Maslov Index on Symplectic Manifolds. With Supplement by A. T. Fomenko “Constructing the Generalized Maslov Class for the Total Space \(W=\mathbb{T}^*(M)\) of the Cotangent Bundle”

Abstract

The geometric properties of the Maslov index on symplectic manifolds are discussed. The Maslov index is constructed as a homological invariant on a Lagrangian submanifold of a symplectic manifold. In the simplest case, a Lagrangian submanifold \(\Lambda\subset \mathbb{R}^{2n}\approx \mathbb{R}^{n}\oplus\mathbb{R}^{n}\) is a submanifold in the symplectic space \(\mathbb{R}^{n}\oplus\mathbb{R}^{n}\), in which the symplectic structure is given by the nondegenerate form \(\omega=\sum_{i=1}^n dx^{i}\wedge dy^{i}\) and \(\Lambda\subset\mathbb{R}^{2n}\) is a submanifold, \(\dim\Lambda=n\), on which the form \(\omega\) is trivial. In the general case, a symplectic manifold \((W,\omega)\) and the bundle of Lagrangian Grassmannians \(\mathcal{LG}(\mathbb{T}W)\) is considered.

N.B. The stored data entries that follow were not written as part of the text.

Section FamilyMates.
Variables (K : TwoCategory) (A : Obj K).
Local Notation E := (Hom A A).
Local Notation C := (@Cell K A A).
Local Notation lw0 := (fun W W' (c : C W W') => c).
Local Notation lw1 X := (fun W W' (c : C W W') => lw X c).
Local Notation lw2 X Y := (fun W W' (c : C W W') => lw X (lw Y c)).
Variables (T S G : E).
Variables (u_ : forall W, C W (S ** (G ** W))) (e_ : forall W, C (G ** (S ** W)) W).
Hypothesis u_natural : forall W W' (c : C W W'), u_ W' ∘∘ c = lw S (lw G c) ∘∘ u_ W.
Hypothesis e_natural : forall W W' (c : C W W'), e_ W' ∘∘ lw G (lw S c) = c ∘∘ e_ W.
Hypothesis triangle_G : forall W, e_ (G ** W) ∘∘ lw G (u_ W) = id2 _.
Hypothesis triangle_S : forall W, lw S (e_ W) ∘∘ u_ (S ** W) = id2 _.

Definition transpose P Q (y : C (G ** P) Q) : C P (S ** Q) := lw S y ∘∘ u_ P.
Definition untranspose P Q (x : C P (S ** Q)) : C (G ** P) Q := e_ Q ∘∘ lw G x.

Lemma transposeK P Q : cancel (@transpose P Q) (@untranspose P Q).
Proof.
by move=> y; rewrite /transpose /untranspose lw_vcomp vcompA e_natural -vcompA triangle_G vcomp1r.
Qed.

Lemma untransposeK P Q : cancel (@untranspose P Q) (@transpose P Q).
Proof.
by move=> x; rewrite /transpose /untranspose lw_vcomp -vcompA -u_natural vcompA triangle_S vcomp1l.
Qed.

Lemma transpose_eq (f g : E -> E) (x y : forall W, C (G ** f W) (g W))
  (phi psi : forall W, C (f W) (S ** g W)) :
  (forall W, transpose (x W) = phi W) -> (forall W, transpose (y W) = psi W) ->
  (forall W, phi W = psi W) <-> (forall W, x W = y W).
Proof.
move=> Hx Hy; split=> xy W; last by rewrite -Hx -Hy xy.
by apply: (can_inj (@transposeK _ _)); rewrite Hx Hy xy.
Qed.

Section AlongUnit.
Variables (f g : E -> E) (af : forall W W', C W W' -> C (f W) (f W'))
  (ag : forall W W', C W W' -> C (g W) (g W')).
Hypothesis af_vcomp :
  forall W1 W2 W3 (b : C W2 W3) (a : C W1 W2), af (b ∘∘ a) = af b ∘∘ af a.
Hypothesis af_id2 : forall W, af (id2 W) = id2 _.

Definition natural (phi : forall W, C (f (S ** W)) (g W)) :=
  forall W W' (c : C W W'), phi W' ∘∘ af (lw S c) = ag c ∘∘ phi W.

Definition along_unit (phi : forall W, C (f (S ** W)) (g W)) W : C (f W) (g (G ** W)) :=
  phi (G ** W) ∘∘ af (u_ W).

Lemma along_unitK phi : natural phi -> forall W, ag (e_ W) ∘∘ along_unit phi (S ** W) = phi W.
Proof.
move=> Nphi W.
by rewrite /along_unit vcompA -Nphi -vcompA -af_vcomp triangle_S af_id2 vcomp1r.
Qed.

Lemma along_unit_natural phi : natural phi -> forall W W' (c : C W W'),
  along_unit phi W' ∘∘ af c = ag (lw G c) ∘∘ along_unit phi W.
Proof.
move=> Nphi W W' c.
by rewrite /along_unit -vcompA -af_vcomp u_natural af_vcomp vcompA Nphi -vcompA.
Qed.

Lemma along_unit_eq phi psi : natural phi -> natural psi ->
  (forall W, along_unit phi W = along_unit psi W) <-> (forall W, phi W = psi W).
Proof.
move=> Nphi Npsi; split=> phi_psi W; last by rewrite /along_unit phi_psi.
by rewrite -(along_unitK Nphi) -(along_unitK Npsi) phi_psi.
Qed.

End AlongUnit.

Variables (mu_ : forall W, C (T ** (T ** W)) (T ** W)) (eta_ : forall W, C W (T ** W))
  (nu_ : forall W, C (S ** (S ** W)) (S ** (T ** W)))
  (sigma_ : forall W, C W (S ** (T ** W)))
  (lambda_ : forall W, C (T ** (S ** W)) (S ** (T ** W))).
Hypothesis mu_natural :
  forall W W' (c : C W W'), mu_ W' ∘∘ lw T (lw T c) = lw T c ∘∘ mu_ W.
Hypothesis eta_natural : forall W W' (c : C W W'), eta_ W' ∘∘ c = lw T c ∘∘ eta_ W.
Hypothesis nu_natural :
  forall W W' (c : C W W'), nu_ W' ∘∘ lw S (lw S c) = lw S (lw T c) ∘∘ nu_ W.
Hypothesis sigma_natural :
  forall W W' (c : C W W'), sigma_ W' ∘∘ c = lw S (lw T c) ∘∘ sigma_ W.
Hypothesis lambda_natural :
  forall W W' (c : C W W'), lambda_ W' ∘∘ lw T (lw S c) = lw S (lw T c) ∘∘ lambda_ W.
(* Assume Assumption A holds. Let $\pi$ be any state-independent dispatch policy. Then the long-run fraction of dropped demand under $\pi$ in the $K$-th system satisfies $P^{K,\pi}=\Omega(1/K^2)$ as $K\to\infty$. In particular, $\gamma_{\mathrm o}(\pi)=-\liminf_{K\to\infty}\frac1K\log P^{K,\pi}=0$.
   Context: Model. $V_S=\{1,\dots,n\}$ (supply locations), $V_D$ (demand locations), and a bipartite compatibility graph $G=(V_S\cup V_D,E)$ with $\partial(j')=\{i\in V_S:(i,j')\in E\}$. The arrival matrix $\phi=(\phi_{j'k})_{j'\in V_D,k\in V_S}$ is nonnegative with entries summing to $1$. The $K$-th system has $K$ supply units. In each slot $t=1,2,\dots$ one customer arrives, with origin/destination $(o[t],d[t])=(j',k)$ with probability $\phi_{j'k}$, i.i.d. over slots. The state $\mathbf X^K[t]\in\{x\in\mathbb Z_{\ge0}^n:\sum_ix_i=K\}$ counts the units at each location. If a customer is served from $i$, then one unit moves from $i$ to $d[t]$; otherwise the customer is dropped and the state is unchanged. State-independent policy: $\pi$ assigns to each $j'\in V_D$, $k\in V_S$ and $t\in\mathbb N$ a probability distribution $u_{j'k}[t]$ on $\partial(j')\cup\{\emptyset\}$. A customer of type $(j',k)$ arriving at time $t$ is served from $i$ drawn from $u_{j'k}[t]$, independently of the state and the history. If $i=\emptyset$, or if location $i$ currently has no supply, the customer is dropped. $P^{K,\pi}$ denotes the long-run average fraction of customers dropped, minimized over initial states (the optimistic measure). Its exponent is $\gamma_{\mathrm o}(\pi)=-\liminf_K\frac1K\log P^{K,\pi}$. Assumption A: there exist $j'\in V_D$ and $k\notin\partial(j')$ with $\phi_{j'k}>0$. *)

From mathcomp Require Import all_boot all_order all_algebra.
From mathcomp Require Import all_classical all_reals all_analysis.
Set Implicit Arguments. Unset Strict Implicit. Unset Printing Implicit Defensive.
Import Order.TTheory GRing.Theory Num.Theory.
Local Open Scope ring_scope.
Local Open Scope classical_set_scope.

The question under study is as follows: when is the Maslov index, given on an individual Lagrangian manifold as a one-dimensional cohomology class, the image of a one-dimensional cohomology class of the total space \(\mathcal{LG}(\mathbb{T}W)\) of bundles of Lagrangian Grassmannians? An answer is given for various classes of bundles of Lagrangian Grassmannians.